_Task requirements_
Scan the entries for the word "collinear", and copy every line where it appears.

-.-.-

(* Let $m_1,m_2,m_3>0$ and let $q_1,q_2,q_3$ be a choreographic solution of $$\ddot q_k=\sum_{j=1,\,j\neq k}^{3} m_j (q_j-q_k)\, f\!\left(\|q_j-q_k\|^2\right),\qquad k\in\{1,2,3\},$$ where $f:\mathbb{R}_{>0}\to\mathbb{R}_{>0}$ is positive and $\sqrt{x}\,f(x)$ is decreasing. If the curve along which the masses move has an axis of symmetry, then $m_1=m_2=m_3$.
   Context: A choreographic solution is one for which there exist a twice continuously differentiable periodic function $p$ and constants $h_1,h_2,h_3$ with $q_k(t)=p(t+h_k)$. The axis of symmetry hypothesis is understood, as in the paper, as: the curve lies in the plane and (after choice of coordinates and time origin) $p(-t)=\begin{pmatrix}1&0\\0&-1\end{pmatrix}p(t)$ for all $t$. The center of mass is assumed at the origin: $\sum_k m_k q_k=0$. *)

From Stdlib Require Import Reals.
From Coquelicot Require Import Coquelicot.
Open Scope R_scope.

Definition vadd (x y : R * R) : R * R := (fst x + fst y, snd x + snd y).
Definition vsub (x y : R * R) : R * R := (fst x - fst y, snd x - snd y).
Definition vscale (a : R) (x : R * R) : R * R := (a * fst x, a * snd x).
Definition vdot (x y : R * R) : R := fst x * fst y + snd x * snd y.
Definition vnorm2 (x : R * R) : R := vdot x x.

Definition C2 (g : R -> R) : Prop :=
  exists dg ddg : R -> R,
    (forall t, is_derive g t (dg t)) /\
    (forall t, is_derive dg t (ddg t)) /\
    (forall t, continuous ddg t).

Definition C2v (p : R -> R * R) : Prop :=
  C2 (fun t => fst (p t)) /\ C2 (fun t => snd (p t)).

Definition acc (q : R -> R * R) (t : R) : R * R :=
  (Derive_n (fun s => fst (q s)) 2 t, Derive_n (fun s => snd (q s)) 2 t).

(* Bodies are indexed by 0,1,2. Term j of the force acting on body k:
   m_j (q_j - q_k) f(|q_j - q_k|^2), and 0 when j = k. *)
Definition force_term (f : R -> R) (m : nat -> R) (q : nat -> R -> R * R)
    (j k : nat) (t : R) : R * R :=
  if Nat.eqb j k then (0, 0)
  else vscale (m j * f (vnorm2 (vsub (q j t) (q k t)))) (vsub (q j t) (q k t)).

Definition rhs (f : R -> R) (m : nat -> R) (q : nat -> R -> R * R)
    (k : nat) (t : R) : R * R :=
  vadd (force_term f m q 0 k t)
       (vadd (force_term f m q 1 k t) (force_term f m q 2 k t)).

Definition is_solution (f : R -> R) (m : nat -> R) (q : nat -> R -> R * R) : Prop :=
  (forall j k t, (j < 3)%nat -> (k < 3)%nat -> j <> k -> q j t <> q k t) /\
  (forall k, (k < 3)%nat -> C2v (q k)) /\
  (forall k t, (k < 3)%nat -> acc (q k) t = rhs f m q k t).

Definition center_of_mass_zero (m : nat -> R) (q : nat -> R -> R * R) : Prop :=
  forall t, vadd (vscale (m 0%nat) (q 0%nat t))
             (vadd (vscale (m 1%nat) (q 1%nat t)) (vscale (m 2%nat) (q 2%nat t)))
           = (0, 0).

Definition choreography_curve (q : nat -> R -> R * R) (p : R -> R * R) : Prop :=
  C2v p /\ (exists T, 0 < T /\ forall t, p (t + T) = p t) /\
  exists h : nat -> R, forall k t, (k < 3)%nat -> q k t = p (t + h k).

Definition reflect_line (c : R * R) (th : R) (x : R * R) : R * R :=
  let u := (cos th, sin th) in
  vadd c (vsub (vscale (2 * vdot (vsub x c) u) u) (vsub x c)).

(* Axis of symmetry: in suitable coordinates (a line = the x-axis) and time
   origin s, p(-t) = diag(1,-1) p(t). *)
Definition has_symmetry_axis (p : R -> R * R) : Prop :=
  exists (c : R * R) (th s : R),
    forall t, p (s - t) = reflect_line c th (p (s + t)).

From Stdlib Require Import Reals Lra Lia ZArith Classical.
From Coquelicot Require Import Coquelicot.
Open Scope R_scope.

(* Let [p] be the curve, so that [q_k(t) = p(t + h_k)].  Reflecting in the axis and
   reversing time turns the choreography into one with phase shifts [-h_k]; hence at
   every point [p u] the six chords [p (u + h_j - h_k) - p u] satisfy the centre-of-mass
   relations and the equations of motion both for [h] and for [-h].  Solving this
   linear system and using that each pairwise force is parallel to its chord gives
   [p x p'' = 0] unless all masses are equal: every body feels a central force.  Zero
   torque on two bodies then makes the triangle equilateral whenever it is not
   collinear.  If it is never collinear, [M^2 |q_k|^2] is proportional to
   [m_i^2 + m_j^2 + m_i m_j], and comparing the periodic function [|p|^2] at the three
   phases forces equal masses.  Otherwise the triangle is always collinear (it cannot
   be both), the curve avoids the origin, and the conserved angular momentum [p x p']
   gives a contradiction: if it is nonzero, two bodies on a common line through the
   origin with equal momenta coincide up to sign; if it is zero, the curve stays on one
   ray from the origin, which is incompatible with the centre of mass at the origin. *)

Ltac ex_derive_hyps := repeat match goal with
  | |- _ /\ _ => split
  | |- True => exact I
  | H : forall t, is_derive ?g t _ |- ex_derive ?g _ => eexists; apply H
  end.

Ltac rewrite_derive_hyps := repeat match goal with
  | H : forall t, is_derive _ t _ |- _ => rewrite (is_derive_unique _ _ _ (H _))
  end.

(** * Real analysis *)

Lemma continuity_of_ex_derive (g : R -> R) : (forall t, ex_derive g t) -> continuity g.
Proof.
  intros Hg t. apply continuity_pt_filterlim, (ex_derive_continuous g), Hg.
Qed.

Lemma is_derive_zero_const (g : R -> R) :
  (forall t, is_derive g t 0) -> forall a b, g a = g b.
Proof.
  intros Hg a b.
  destruct (MVT_gen g a b (fun _ => 0)) as [c [_ Hc]].
  - intros x _. apply Hg.
  - intros x _. apply continuity_of_ex_derive. intro t. exists 0. apply Hg.
  - lra.
Qed.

-.-.-

_Result of the task_
   collinear.  If it is never collinear, [M^2 |q_k|^2] is proportional to
   phases forces equal masses.  Otherwise the triangle is always collinear (it cannot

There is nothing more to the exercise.